◆ Data:
*-*-*

Lemma congr_lambda_sub_inv_expN :
  congr_Rr r p ((lambda r - (lambda r)^-1) ^+ N) (sign * (lambda r - (lambda r)^-1)).
Proof.
have Rlambda := in_Rr_lambda r_gt0; have RlambdaV := in_Rr_lambdaV r_gt0.
apply: congr_Rr_trans (congr_Rr_frobeniusXB p_prime s Rlambda RlambdaV) _.
by apply: congr_Rr_eq; rewrite exprVn lambda_expN; case: plus; rewrite ?invrK; ring.
Qed.

Lemma frobenius_fixed_Delta1 : frobenius_fixed r p s (Delta r 1).
Proof.
have Rlambda := in_Rr_lambda r_gt0; have RlambdaV := in_Rr_lambdaV r_gt0.
split; first exact: in_RrB (in_RrN Rlambda) RlambdaV.
apply: congr_Rr_trans (congr_Rr_frobeniusXB p_prime s (in_RrN Rlambda) RlambdaV) _.
by apply: congr_Rr_eq; rewrite exprN_N exprVn lambda_expN; case: plus; rewrite ?invrK // addrC.
Qed.

Lemma frobenius_fixed_Delta i : frobenius_fixed r p s (Delta r i).
Proof.
suff [] : frobenius_fixed r p s (Delta r i) /\ frobenius_fixed r p s (Delta r i.+1) by [].
elim: i => [|i [Di Di1]].
  by split; [apply: frobenius_fixed1 | apply: frobenius_fixed_Delta1].
split=> //; rewrite Delta_rec.
by apply: frobenius_fixedB => //; apply: frobenius_fixedM => //; apply: frobenius_fixed_Delta1.
Qed.

Lemma congr_eta_expN : congr_Rr r p (eta r ^+ N) (sign * K * eta r).
Proof.
pose l := lambda r - (lambda r)^-1; pose q : algC := sqrtC (2 * r)%:R.
have expN (x : algC) : x ^+ N = x * (x ^+ 2) ^+ N./2 by rewrite {1}N_half exprS mulnC exprM.
have Ru : Rr (K * - 'i / q).
  apply: in_RrM (in_Rr_sqrt2rV r_gt0).
  exact: in_RrM (in_Rr_invN2rX _ r_gt0) (in_RrN (in_Rr_i r_gt0)).
have := congr_RrMr congr_lambda_sub_inv_expN Ru.
have -> : sign * K * eta r = sign * l * (K * - 'i / q) by rewrite /eta -/l -/q; ring.
suff -> : eta r ^+ N = l ^+ N * (K * - 'i / q) by [].
rewrite /eta -/l -/q !exprMn (expN (- 'i)) (expN q^-1) sqrrN sqrCi exprVn sqrtCK.
by rewrite -exprVn invrN [in RHS]exprNn; ring.
Qed.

*-*-*

◆ Goal of the exercise: Filter the entries down to the lines with the word "Lemma" in them.

◆ Answer:
Lemma congr_lambda_sub_inv_expN :
Lemma frobenius_fixed_Delta1 : frobenius_fixed r p s (Delta r 1).
Lemma frobenius_fixed_Delta i : frobenius_fixed r p s (Delta r i).
Lemma congr_eta_expN : congr_Rr r p (eta r ^+ N) (sign * K * eta r).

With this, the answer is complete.